Notation O10 k := (@Ordinal 10 k isT).

Lemma ord10P (P : 'I_10 -> Prop) :
  P (O10 0) -> P (O10 1) -> P (O10 2) -> P (O10 3) -> P (O10 4) ->
  P (O10 5) -> P (O10 6) -> P (O10 7) -> P (O10 8) -> P (O10 9) -> forall i, P i.
Proof.
by move=> ? ? ? ? ? ? ? ? ? ? [[|[|[|[|[|[|[|[|[|[|//]]]]]]]]]] Hi];
  rewrite (bool_irrelevance Hi isT).
Qed.

Lemma big_ord10 (R : Type) (idx : R) (op : Monoid.law idx) (F : 'I_10 -> R) :
  \big[op/idx]_(i < 10) F i =
  op (op (op (op (op (op (op (op (op (F (O10 0)) (F (O10 1))) (F (O10 2)))
    (F (O10 3))) (F (O10 4))) (F (O10 5))) (F (O10 6))) (F (O10 7)))
    (F (O10 8))) (F (O10 9)).
Proof.
rewrite !big_ord_recl big_ord0 Monoid.mulm1 !Monoid.mulmA.
by congr (op (op (op (op (op (op (op (op (op (F _) (F _)) (F _)) (F _)) (F _))
  (F _)) (F _)) (F _)) (F _)) (F _)); apply: val_inj.
Qed.

Section PolynomialFunctions.
Variables (T I : Type) (R : comNzRingType) (env : T -> I -> R).

Definition polyfun (F : T -> R) := exists p : mpoly I R, forall t, meval (env t) p = F t.

Lemma polyfun_const c : polyfun (fun=> c).
Proof. by exists (MConst I c). Qed.

Lemma polyfun_var i : polyfun (fun t => env t i).
Proof. by exists (MVar R i). Qed.

Lemma eq_polyfun F G : F =1 G -> polyfun G -> polyfun F.
Proof. by move=> eFG [p hp]; exists p => t; rewrite hp eFG. Qed.

Lemma polyfun_add F G : polyfun F -> polyfun G -> polyfun (fun t => F t + G t).
Proof. by move=> [p hp] [q hq]; exists (MAdd p q) => t /=; rewrite hp hq. Qed.

Lemma polyfun_mul F G : polyfun F -> polyfun G -> polyfun (fun t => F t * G t).
Proof. by move=> [p hp] [q hq]; exists (MMul p q) => t /=; rewrite hp hq. Qed.

Lemma polyfun_opp F : polyfun F -> polyfun (fun t => - F t).
Proof.
move=> hF; apply: (eq_polyfun (G := fun t => -1 * F t)).
  by move=> t; rewrite mulN1r.
by apply: polyfun_mul => //; apply: polyfun_const.
Qed.

Lemma polyfun_sub F G : polyfun F -> polyfun G -> polyfun (fun t => F t - G t).
Proof. by move=> hF hG; apply/polyfun_add/polyfun_opp. Qed.

Lemma polyfun_big (idx : R) (op : R -> R -> R) (J : Type) (r : seq J)
    (P : pred J) (F : J -> T -> R) :
  (forall G H, polyfun G -> polyfun H -> polyfun (fun t => op (G t) (H t))) ->
  (forall j, polyfun (F j)) -> polyfun (fun t => \big[op/idx]_(j <- r | P j) F j t).
Proof.
move=> hop hF; elim: r => [|j r IH].
  apply: (eq_polyfun (G := fun=> idx)) => [t|]; first by rewrite big_nil.
  exact: polyfun_const.
apply: (eq_polyfun (G := fun t =>
  if P j then op (F j t) (\big[op/idx]_(j <- r | P j) F j t)
  else \big[op/idx]_(j <- r | P j) F j t)).
  by move=> t; rewrite big_cons.
by case: (P j) => //; apply: hop.
Qed.

Definition polyfun_mx m n (F : T -> 'M[R]_(m, n)) :=
  forall i j, polyfun (fun t => F t i j).

Lemma polyfun_mx_const m n (A : 'M[R]_(m, n)) : polyfun_mx (fun=> A).
Proof. by move=> i j; apply: polyfun_const. Qed.

Lemma polyfun_mx_sub m n (F G : T -> 'M[R]_(m, n)) :
  polyfun_mx F -> polyfun_mx G -> polyfun_mx (fun t => F t - G t).
Proof.
move=> hF hG i j; apply: (eq_polyfun (G := fun t => F t i j - G t i j)).
  by move=> t; rewrite !mxE.
exact: polyfun_sub.
Qed.

Lemma polyfun_mx_add m n (F G : T -> 'M[R]_(m, n)) :
  polyfun_mx F -> polyfun_mx G -> polyfun_mx (fun t => F t + G t).
Proof.
move=> hF hG i j; apply: (eq_polyfun (G := fun t => F t i j + G t i j)).
  by move=> t; rewrite !mxE.
exact: polyfun_add.
Qed.

Lemma polyfun_mx_scale m n (c : T -> R) (F : T -> 'M[R]_(m, n)) :
  polyfun c -> polyfun_mx F -> polyfun_mx (fun t => c t *: F t).
Proof.
move=> hc hF i j; apply: (eq_polyfun (G := fun t => c t * F t i j)).
  by move=> t; rewrite mxE.
exact: polyfun_mul.
Qed.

-------

▶ _REQUIRED WORK_
The lines to return are those in the material above that hold "Type".

▶ _SOLVED EXERCISE_
Lemma big_ord10 (R : Type) (idx : R) (op : Monoid.law idx) (F : 'I_10 -> R) :
Variables (T I : Type) (R : comNzRingType) (env : T -> I -> R).
Lemma polyfun_big (idx : R) (op : R -> R -> R) (J : Type) (r : seq J)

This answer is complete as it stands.